◆ EXERCISE DIRECTIONS
Begin at the line containing "size W) G j." and copy each line exactly through the end of the records, leaving out what comes before.

◆ PROVIDED RECORDS
(** * The six patterns of length 3 *)

(* [pattern3 i j k t]: [t] has length 3 and its entries at positions [i], [j],
   [k] are increasing, so [t] is an occurrence of the pattern whose inverse is
   [i+1 j+1 k+1]: [pattern3 0 1 2] is 123 and [pattern3 0 2 1] is 132. *)
Definition pattern3 (i j k : nat) (t : seq nat) : bool :=
  (size t == 3) && (nth 0 t i < nth 0 t j) && (nth 0 t j < nth 0 t k).

(* [ballot n m] counts the arrangements [s] of an [n]-set [W] for which
   [y :: s] avoids 123 (equivalently 132), where [m] letters of [W] exceed [y];
   [ballot n 0] is the [n]-th Catalan number. *)
Fixpoint ballot (n m : nat) : nat :=
  if n is n'.+1 then
    \sum_(m <= j < n'.+1) ballot n' j + (if m is m'.+1 then ballot n' m' else 0)
  else 1.

Lemma count_ltn_mono (W : seq nat) x1 x2 :
  x1 < x2 -> x2 \in W -> count (ltn x2) W < count (ltn x1) W.
Proof.
move=> lt12 x2W.
have -> : count (ltn x1) W = count (ltn x2) W + count (fun z => x1 < z <= x2) W.
  by rewrite -count_orb_disjoint => [|z /=]; [apply: eq_count => z /=|]; lia.
by rewrite -addn1 leq_add2l -has_count; apply/hasP; exists x2; rewrite //= lt12 leqnn.
Qed.

Lemma sum_count_ltn (W : seq nat) y (G : nat -> nat) : uniq W ->
  \sum_(x <- W | x <= y) G (count (ltn x) W) =
  \sum_(count (ltn y) W <= j < size W) G j.
Proof.
move=> uW; rewrite -big_filter -(big_map (fun x => count (ltn x) W) xpredT G).
apply: perm_big; set ranks := map _ _.
have inj_rank : {in filter (fun x => x <= y) W &, injective (fun x => count (ltn x) W)}.
  move=> x1 x2; rewrite !mem_filter => /andP[_ x1W] /andP[_ x2W] eq_rank.
  have [lt12|lt21|//] := ltngtP x1 x2.
    by have := count_ltn_mono lt12 x2W; rewrite eq_rank ltnn.
  by have := count_ltn_mono lt21 x1W; rewrite eq_rank ltnn.
have uranks : uniq ranks by rewrite map_inj_in_uniq // filter_uniq.
apply: uniq_perm => //; first exact: iota_uniq.
apply: (uniq_min_size uranks _ _).2 => [_ /mapP[x + ->]|].
  rewrite mem_filter mem_index_iota => /andP[le_xy xW].
  rewrite (sub_count (fun z => leq_ltn_trans le_xy)) /=.
  rewrite -(count_predC (ltn x) W) -addn1 leq_add2l -has_count.
  by apply/hasP; exists x => //=; rewrite ltnn.
rewrite size_map size_filter size_iota -(count_predC (fun x => x <= y) W).
by rewrite (@eq_count _ (predC _) (ltn y)) ?addnK // => z /=; rewrite -ltnNge.
Qed.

◆ OUTPUT BELOW
  \sum_(count (ltn y) W <= j < size W) G j.
Proof.
move=> uW; rewrite -big_filter -(big_map (fun x => count (ltn x) W) xpredT G).
apply: perm_big; set ranks := map _ _.
have inj_rank : {in filter (fun x => x <= y) W &, injective (fun x => count (ltn x) W)}.
  move=> x1 x2; rewrite !mem_filter => /andP[_ x1W] /andP[_ x2W] eq_rank.
  have [lt12|lt21|//] := ltngtP x1 x2.
    by have := count_ltn_mono lt12 x2W; rewrite eq_rank ltnn.
  by have := count_ltn_mono lt21 x1W; rewrite eq_rank ltnn.
have uranks : uniq ranks by rewrite map_inj_in_uniq // filter_uniq.
apply: uniq_perm => //; first exact: iota_uniq.
apply: (uniq_min_size uranks _ _).2 => [_ /mapP[x + ->]|].
  rewrite mem_filter mem_index_iota => /andP[le_xy xW].
  rewrite (sub_count (fun z => leq_ltn_trans le_xy)) /=.
  rewrite -(count_predC (ltn x) W) -addn1 leq_add2l -has_count.
  by apply/hasP; exists x => //=; rewrite ltnn.
rewrite size_map size_filter size_iota -(count_predC (fun x => x <= y) W).
by rewrite (@eq_count _ (predC _) (ltn y)) ?addnK // => z /=; rewrite -ltnNge.
Qed.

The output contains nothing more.